Work instructions:
Repeat precisely the span of lines below that opens with the line containing "is_largest_root (cubic_eq beta s mu nu j) z)" and closes with the line containing "by move=> x /(minimizer_eq_zeta_point", both included.

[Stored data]
>>>>>

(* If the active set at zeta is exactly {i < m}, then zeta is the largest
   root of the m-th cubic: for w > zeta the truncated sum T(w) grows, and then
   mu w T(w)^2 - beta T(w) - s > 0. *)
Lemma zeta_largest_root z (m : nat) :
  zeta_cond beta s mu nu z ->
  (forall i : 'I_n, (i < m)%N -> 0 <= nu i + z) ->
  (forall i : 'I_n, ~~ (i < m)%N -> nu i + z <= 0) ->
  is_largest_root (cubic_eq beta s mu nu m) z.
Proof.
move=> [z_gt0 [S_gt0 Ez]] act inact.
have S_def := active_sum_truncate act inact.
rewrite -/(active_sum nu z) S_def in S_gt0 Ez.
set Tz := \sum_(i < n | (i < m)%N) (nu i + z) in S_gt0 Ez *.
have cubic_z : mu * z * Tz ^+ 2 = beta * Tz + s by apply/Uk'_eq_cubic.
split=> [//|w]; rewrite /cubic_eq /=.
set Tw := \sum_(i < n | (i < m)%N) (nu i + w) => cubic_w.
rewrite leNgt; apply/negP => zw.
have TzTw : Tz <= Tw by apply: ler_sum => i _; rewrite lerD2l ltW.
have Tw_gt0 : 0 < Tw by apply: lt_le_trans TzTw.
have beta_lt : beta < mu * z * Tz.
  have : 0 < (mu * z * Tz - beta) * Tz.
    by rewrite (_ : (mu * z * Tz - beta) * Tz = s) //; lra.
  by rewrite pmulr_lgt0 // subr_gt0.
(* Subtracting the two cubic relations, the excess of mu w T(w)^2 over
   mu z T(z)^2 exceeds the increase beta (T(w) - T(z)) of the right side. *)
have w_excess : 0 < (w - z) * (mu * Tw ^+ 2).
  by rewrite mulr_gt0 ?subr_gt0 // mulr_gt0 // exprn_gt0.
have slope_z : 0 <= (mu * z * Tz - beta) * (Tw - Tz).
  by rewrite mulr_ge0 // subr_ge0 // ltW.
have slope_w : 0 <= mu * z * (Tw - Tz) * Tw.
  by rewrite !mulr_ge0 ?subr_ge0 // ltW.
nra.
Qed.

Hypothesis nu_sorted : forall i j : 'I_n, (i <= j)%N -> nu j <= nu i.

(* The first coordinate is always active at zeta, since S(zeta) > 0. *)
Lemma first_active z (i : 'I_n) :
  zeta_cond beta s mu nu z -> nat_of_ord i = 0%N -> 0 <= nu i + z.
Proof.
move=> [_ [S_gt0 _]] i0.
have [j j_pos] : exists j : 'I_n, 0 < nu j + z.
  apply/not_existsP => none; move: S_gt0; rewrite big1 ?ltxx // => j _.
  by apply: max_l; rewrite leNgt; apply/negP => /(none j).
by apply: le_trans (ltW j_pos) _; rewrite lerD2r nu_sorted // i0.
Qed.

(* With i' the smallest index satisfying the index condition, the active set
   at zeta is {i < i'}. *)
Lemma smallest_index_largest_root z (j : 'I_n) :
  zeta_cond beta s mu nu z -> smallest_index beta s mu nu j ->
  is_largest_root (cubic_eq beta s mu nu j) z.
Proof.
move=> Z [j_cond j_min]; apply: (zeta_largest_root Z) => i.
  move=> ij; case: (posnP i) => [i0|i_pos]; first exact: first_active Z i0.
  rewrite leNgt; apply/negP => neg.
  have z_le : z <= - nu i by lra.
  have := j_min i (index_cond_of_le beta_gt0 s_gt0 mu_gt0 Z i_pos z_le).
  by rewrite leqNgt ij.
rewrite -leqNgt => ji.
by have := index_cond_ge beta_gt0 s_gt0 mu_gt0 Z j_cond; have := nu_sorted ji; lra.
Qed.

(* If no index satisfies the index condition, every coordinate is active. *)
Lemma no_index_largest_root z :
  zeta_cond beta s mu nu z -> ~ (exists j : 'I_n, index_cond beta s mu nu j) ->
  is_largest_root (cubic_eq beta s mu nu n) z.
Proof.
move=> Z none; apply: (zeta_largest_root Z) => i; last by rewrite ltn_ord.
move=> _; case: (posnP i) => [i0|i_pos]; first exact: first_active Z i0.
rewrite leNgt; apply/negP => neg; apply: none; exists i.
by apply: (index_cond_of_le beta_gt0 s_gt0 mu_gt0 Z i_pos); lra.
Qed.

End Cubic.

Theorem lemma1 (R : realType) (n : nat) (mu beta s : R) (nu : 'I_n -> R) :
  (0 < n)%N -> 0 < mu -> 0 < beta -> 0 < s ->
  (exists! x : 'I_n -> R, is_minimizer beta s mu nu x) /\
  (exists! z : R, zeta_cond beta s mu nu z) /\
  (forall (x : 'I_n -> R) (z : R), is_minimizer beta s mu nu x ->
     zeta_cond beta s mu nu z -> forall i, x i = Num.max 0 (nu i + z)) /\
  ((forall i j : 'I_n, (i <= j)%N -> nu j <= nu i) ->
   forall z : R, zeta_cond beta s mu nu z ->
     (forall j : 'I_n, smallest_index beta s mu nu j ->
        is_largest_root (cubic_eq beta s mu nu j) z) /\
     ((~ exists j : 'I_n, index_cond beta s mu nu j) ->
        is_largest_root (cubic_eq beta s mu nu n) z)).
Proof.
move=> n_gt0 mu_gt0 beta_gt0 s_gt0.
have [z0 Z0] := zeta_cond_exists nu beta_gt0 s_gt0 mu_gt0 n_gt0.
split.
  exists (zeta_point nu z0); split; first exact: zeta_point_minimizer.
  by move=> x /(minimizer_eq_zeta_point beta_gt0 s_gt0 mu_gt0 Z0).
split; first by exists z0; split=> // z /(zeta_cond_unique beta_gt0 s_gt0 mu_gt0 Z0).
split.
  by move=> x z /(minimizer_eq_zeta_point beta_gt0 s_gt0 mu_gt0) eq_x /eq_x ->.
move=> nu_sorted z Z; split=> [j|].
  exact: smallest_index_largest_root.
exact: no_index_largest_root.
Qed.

<<<<<

Answer space:
        is_largest_root (cubic_eq beta s mu nu j) z) /\
     ((~ exists j : 'I_n, index_cond beta s mu nu j) ->
        is_largest_root (cubic_eq beta s mu nu n) z)).
Proof.
move=> n_gt0 mu_gt0 beta_gt0 s_gt0.
have [z0 Z0] := zeta_cond_exists nu beta_gt0 s_gt0 mu_gt0 n_gt0.
split.
  exists (zeta_point nu z0); split; first exact: zeta_point_minimizer.
  by move=> x /(minimizer_eq_zeta_point beta_gt0 s_gt0 mu_gt0 Z0).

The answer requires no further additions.